Sekhemre Shedtawy Sobekemsaf II was an Egyptian king who reigned during the Second Intermediate Period, when Egypt was fragmented and ruled by multiple kings. He was a king of the Theban 17th dynasty because both he and Sobekemsaf II were the predecessors of Nubkheperre Intef who was certainly a Theban 17th dynasty king.

==Biography==
His throne name, Sekhemre Shedtawy, means "Powerful is Re; Rescuer of the Two Lands". It is now believed by Egyptologists such as Kim Ryholt and Daniel Polz that Sobekemsaf II was the father of both Sekhemre-Wepmaat Intef and Nubkheperre Intef based on an inscription carved on a doorjamb discovered in the ruins of a 17th Dynasty temple at Gebel Antef in the early 1990s which was built under Nubkheperre Intef. The doorjamb mentions a king Sobekem[saf] as the father of Nubkheperre Intef/Antef VII--(Antef begotten of Sobekem...) He was in all likelihood the Prince Sobekemsaf who is attested as the son and designated successor of king Sobekemsaf I on Cairo Statue CG 386.

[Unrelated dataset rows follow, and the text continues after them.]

(* Let $D$ be the derivation of the polynomial ring $\mathbb{Q}[\alpha,\beta][a,b,u_1,u_2,u_3,u_4]$ that is $\mathbb{Q}[\alpha,\beta]$-linear (so $D(\alpha)=D(\beta)=0$), satisfies the Leibniz rule $D(fg)=D(f)g+fD(g)$, and is given on generators by $$D(a)=\alpha a u_4,\quad D(b)=\beta b u_3,\quad D(u_4)=u_1u_2,\quad D(u_3)=u_1u_2,\quad D(u_1)=u_1u_3,\quad D(u_2)=u_2u_4.$$ Then for every $n\geq0$, $D^n(ab)=ab\,P_n(u_1,u_2,u_3,u_4\mid\alpha,\beta)$.
   Context: For $\sigma=\sigma_1\cdots\sigma_m\in\mathfrak S_m$: ${\rm LRmax}(\sigma)$ is the number of $i$ with $\sigma_j<\sigma_i$ for all $j<i$; ${\rm RLmax}(\sigma)$ is the number of $i$ with $\sigma_j<\sigma_i$ for all $j>i$. With the convention $\sigma_0=\sigma_{m+1}=0$: ${\rm W}(\sigma)$ is the number of $i\in[m]$ with $\sigma_{i-1}<\sigma_i>\sigma_{i+1}$; ${\rm V}(\sigma)$ is the number of $i$ with $1<i<m$ and $\sigma_{i-1}>\sigma_i<\sigma_{i+1}$; ${\rm rdd}(\sigma)$ is the number of $i$ with $1<i\le m$ and $\sigma_{i-1}>\sigma_i>\sigma_{i+1}$; ${\rm lda}(\sigma)$ is the number of $i$ with $1\le i<m$ and $\sigma_{i-1}<\sigma_i<\sigma_{i+1}$. Define $$P_n(u_1,u_2,u_3,u_4\mid\alpha,\beta)=\sum_{\sigma\in\mathfrak S_{n+1}}u_1^{{\rm V}(\sigma)}u_2^{{\rm W}(\sigma)-1}u_3^{{\rm rdd}(\sigma)}u_4^{{\rm lda}(\sigma)}\alpha^{{\rm LRmax}(\sigma)-1}\beta^{{\rm RLmax}(\sigma)-1}.$$ *)

From HB Require Import structures.
From mathcomp Require Import all_boot all_order all_algebra all_fingroup.
From mathcomp Require Import mpoly.
Set Implicit Arguments. Unset Strict Implicit. Unset Printing Implicit Defensive.
Import GRing.Theory.
Local Open Scope ring_scope.

(* The polynomial ring Q[alpha,beta][a,b,u1,u2,u3,u4], realised as
   Q[X_0..X_7] with X_0 = alpha, X_1 = beta, X_2 = a, X_3 = b,
   X_4 = u1, X_5 = u2, X_6 = u3, X_7 = u4. *)
Notation PR := {mpoly rat[8]}.
Definition valpha : PR := 'X_(@inord 7 0).
Definition vbeta  : PR := 'X_(@inord 7 1).
Definition va     : PR := 'X_(@inord 7 2).
Definition vb     : PR := 'X_(@inord 7 3).
Definition vu1    : PR := 'X_(@inord 7 4).
Definition vu2    : PR := 'X_(@inord 7 5).
Definition vu3    : PR := 'X_(@inord 7 6).
Definition vu4    : PR := 'X_(@inord 7 7).

(* Values of a permutation s of [m] written with values 1..m, and the
   convention sigma_0 = sigma_{m+1} = 0 (positions outside 1..m give 0). *)
Definition sv (m : nat) (s : 'S_m) (i : nat) : nat :=
  if (0 < i)%N then
    (if @insub _ (fun k => k < m)%N 'I_m i.-1 is Some k then (s k : nat).+1 else 0%N)
  else 0%N.

Definition LRmax m (s : 'S_m) : nat :=
  count (fun i => all (fun j => sv s j < sv s i)%N (iota 1 i.-1)) (iota 1 m).
Definition RLmax m (s : 'S_m) : nat :=
  count (fun i => all (fun j => sv s j < sv s i)%N (iota i.+1 (m - i))) (iota 1 m).
Definition Wst m (s : 'S_m) : nat :=
  count (fun i => (sv s i.-1 < sv s i)%N && (sv s i.+1 < sv s i)%N) (iota 1 m).
Definition Vst m (s : 'S_m) : nat :=
  count (fun i => (sv s i < sv s i.-1)%N && (sv s i < sv s i.+1)%N) (iota 2 (m - 2)).
Definition rdd m (s : 'S_m) : nat :=
  count (fun i => (sv s i < sv s i.-1)%N && (sv s i.+1 < sv s i)%N) (iota 2 (m - 1)).
Definition lda m (s : 'S_m) : nat :=
  count (fun i => (sv s i.-1 < sv s i)%N && (sv s i < sv s i.+1)%N) (iota 1 (m - 1)).

Definition Pn (n : nat) : PR :=
  \sum_(s : 'S_n.+1)
     vu1 ^+ Vst s * vu2 ^+ (Wst s).-1 * vu3 ^+ rdd s * vu4 ^+ lda s
     * valpha ^+ (LRmax s).-1 * vbeta ^+ (RLmax s).-1.

From HB Require Import structures.
From mathcomp Require Import all_boot all_order all_algebra all_fingroup.
From mathcomp Require Import mpoly.
From mathcomp Require Import zify ring.
Set Implicit Arguments. Unset Strict Implicit. Unset Printing Implicit Defensive.

(* Every permutation of [1..m+1] is obtained exactly once by inserting the
   value 1 into one of the m+1 slots of a permutation of [2..m+1].  The new
   letter only changes the type (peak, valley, double ascent, double descent)
   of its two neighbours: in front it adds a double ascent and a left-to-right
   maximum, at the end a double descent and a right-to-left maximum; after a
   double ascent y it makes y a peak and itself a valley, after a valley y it
   makes y a double descent, and symmetrically on its right.  Since peaks =
   valleys + 1 throughout, these moves multiply the weight
   u1^V u2^(W-1) u3^rdd u4^lda alpha^(LRmax-1) beta^(RLmax-1) exactly as
   alpha u4 + beta u3 + D does, so the weight sums S_m over permutations of
   [1..m] satisfy S_(m+1) = (alpha u4 + beta u3) S_m + D S_m.  This is also
   the recursion of D^n(ab) / ab, because D(ab) = ab (alpha u4 + beta u3). *)

(** * Words and insertion of the letter 1 *)

(* [letter w i] is the i-th letter of [w], counted from 1, padded with
   [letter w 0 = 0] and zeros beyond [size w]: the convention
   sigma_0 = sigma_{m+1} = 0 of the statistics. *)
Definition letter (w : seq nat) (i : nat) : nat := nth 0 (0 :: w) i.

Definition succ0 (x : nat) : nat := if x is 0 then 0 else x.+1.

Definition insert1 (j : nat) (l : seq nat) : seq nat := take j l ++ 1 :: drop j l.

Lemma ltn_succ0 a b : (succ0 a < succ0 b) = (a < b).
Proof. by case: a; case: b. Qed.

Lemma succ0_gt1 a : (1 < succ0 a) = (0 < a).
Proof. by case: a. Qed.

Lemma succ0_lt1 a : (succ0 a < 1) = (a == 0).
Proof. by case: a. Qed.

Lemma nth_map_succ (w : seq nat) k : 0 \notin w -> nth 0 (map S w) k = succ0 (nth 0 w k).
Proof.
move=> w0; case: (ltnP k (size w)) => hk; last by rewrite !nth_default ?size_map.
rewrite (nth_map 0) //; case E: (nth 0 w k) => [|x] //.
by move: w0; rewrite -E mem_nth.
Qed.

Lemma size_insert1 j l : j <= size l -> size (insert1 j l) = (size l).+1.
Proof. by move=> hj; rewrite /insert1 size_cat /= size_takel // size_drop; lia. Qed.

Lemma letter_insert1 (w : seq nat) j i : 0 \notin w -> j <= size w ->
  letter (insert1 j (map S w)) i =
  if i <= j then succ0 (letter w i) else if i == j.+1 then 1 else succ0 (letter w i.-1).
Proof.
move=> w0 hj; rewrite /letter /insert1; case: i => [|i] //=.
rewrite nth_cat size_takel ?size_map //.
case: (ltnP i j) => hij; first by rewrite nth_take // nth_map_succ // ifT.
case: (eqVneq i j) => [->|hne]; first by rewrite subnn eqxx.
rewrite ifF; last by apply/negbTE; rewrite eqSS.
have -> : i - j = (i - j).-1.+1 by lia.
rewrite /= nth_drop nth_map_succ //.
case: i hij hne => [|i] hij hne /=; first by lia.
by congr (succ0 (nth 0 w _)); lia.
Qed.

Lemma letter_gt0 (w : seq nat) i : 0 \notin w -> 0 < i <= size w -> 0 < letter w i.
Proof.
move=> w0; case: i => [|i] //= hi; rewrite /letter /=.
case E: (nth 0 w i) => //.
by move: w0; rewrite -E mem_nth.
Qed.

Lemma letter_oversize (w : seq nat) i : size w < i -> letter w i = 0.
Proof. by case: i => [|i] //= hi; rewrite /letter /= nth_default. Qed.

Lemma letter_gt0_range (w : seq nat) i : 0 < letter w i -> 0 < i <= size w.
Proof.
case: i => [|i] //; case: (ltnP (size w) i.+1) => h; last by lia.
by rewrite letter_oversize.
Qed.

Lemma letter_eq0 (w : seq nat) i : 0 \notin w -> (letter w i == 0) = (i == 0) || (size w < i).
Proof.
move=> w0; case: (ltnP (size w) i) => h; first by rewrite letter_oversize // orbT.
case: i h => [|i] h //=.
by apply/negbTE; rewrite -lt0n letter_gt0.
Qed.

Lemma letter_inj (w : seq nat) a b : uniq w -> 0 < letter w a -> 0 < letter w b ->
  letter w a = letter w b -> a = b.
Proof.
move=> wu /letter_gt0_range + /letter_gt0_range.
case: a => [|a] //; case: b => [|b] //= ha hb.
by rewrite /letter /= => /eqP; rewrite nth_uniq // => /eqP ->.
Qed.

Lemma letter_insert1_le (w : seq nat) j i : 0 \notin w -> j <= size w -> i <= j ->
  letter (insert1 j (map S w)) i = succ0 (letter w i).
Proof. by move=> w0 hj hi; rewrite letter_insert1 // hi. Qed.

Lemma letter_insert1_new (w : seq nat) j : 0 \notin w -> j <= size w ->
  letter (insert1 j (map S w)) j.+1 = 1.
Proof. by move=> w0 hj; rewrite letter_insert1 // ltnn eqxx. Qed.

Lemma letter_insert1_gt (w : seq nat) j i : 0 \notin w -> j <= size w -> j.+1 < i ->
  letter (insert1 j (map S w)) i = succ0 (letter w i.-1).
Proof.
by move=> w0 hj hi; rewrite letter_insert1 // ifF ?ifF //; lia.
Qed.

Definition window_count (Q : nat -> nat -> nat -> bool) w n :=
  count (fun i => Q (letter w i.-1) (letter w i) (letter w i.+1)) (iota 0 n).

Definition succ0_invariant (Q : nat -> nat -> nat -> bool) :=
  forall a b c, Q (succ0 a) (succ0 b) (succ0 c) = Q a b c.

(* Only the windows centred at [y], at the new letter and at [z] change. *)
Lemma window_count_insert1 Q (w : seq nat) j : succ0_invariant Q -> 0 \notin w ->
  j <= size w ->
  let x := letter w j.-1 in let y := letter w j in
  let z := letter w j.+1 in let t := letter w j.+2 in
  window_count Q (insert1 j (map S w)) (size w).+3 + Q x y z + Q y z t =
  window_count Q w (size w).+2 + Q (succ0 x) (succ0 y) 1
    + Q (succ0 y) 1 (succ0 z) + Q 1 (succ0 z) (succ0 t).
Proof.
move=> hQ w0 hj x y z t; rewrite /window_count.
set w' := insert1 j (map S w).
have lo i : i <= j -> letter w' i = succ0 (letter w i) by exact: letter_insert1_le.
have hi i : j.+1 < i -> letter w' i = succ0 (letter w i.-1) by exact: letter_insert1_gt.
have e1 : (size w).+3 = j + (3 + (size w - j)) by lia.
have e2 : (size w).+2 = j + (2 + (size w - j)) by lia.
rewrite e1 e2 !iotaD !count_cat !add0n.
have -> : count (fun i => Q (letter w' i.-1) (letter w' i) (letter w' i.+1)) (iota 0 j) =
          count (fun i => Q (letter w i.-1) (letter w i) (letter w i.+1)) (iota 0 j).
  apply: eq_in_count => i; rewrite mem_iota => /andP [_ hij].
  by rewrite !lo //; lia.
have -> : count (fun i => Q (letter w' i.-1) (letter w' i) (letter w' i.+1))
            (iota (j + 3) (size w - j)) =
          count (fun i => Q (letter w i.-1) (letter w i) (letter w i.+1))
            (iota (j + 2) (size w - j)).
  rewrite (_ : j + 3 = 1 + (j + 2)); last by lia.
  rewrite (iotaDl 1 (j + 2)) count_map.
  apply: eq_in_count => i; rewrite mem_iota => /andP [hij _] /=.
  rewrite !hi ?hQ; try lia.
  by congr (Q (letter w _) (letter w _) (letter w _)); lia.
rewrite /= (lo j.-1) ?leq_pred // (lo j) // letter_insert1_new //.
rewrite (hi j.+2) // (hi j.+3) //= !addn0 /x /y /z /t; lia.
Qed.

Definition lrmaxima (w : seq nat) :=
  count (fun i => all (fun k => letter w k < letter w i) (iota 1 i.-1)) (iota 1 (size w)).
Definition rlmaxima (w : seq nat) :=
  count (fun i => all (fun k => letter w k < letter w i) (iota i.+1 (size w - i)))
    (iota 1 (size w)).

The British Egyptologist Aidan Dodson also endorses this new interpretation of the doorjamb's text and writes:
Ryholt does...introduce the new "Desert Roads" evidence from the Darnells' survey to show that Nubkheperrre Inyotef (dubbed by Ryholt "Inyotef N") was a son of [a king] Sobekemsaf, thus providing a key genealogical link within the [17th] dynasty.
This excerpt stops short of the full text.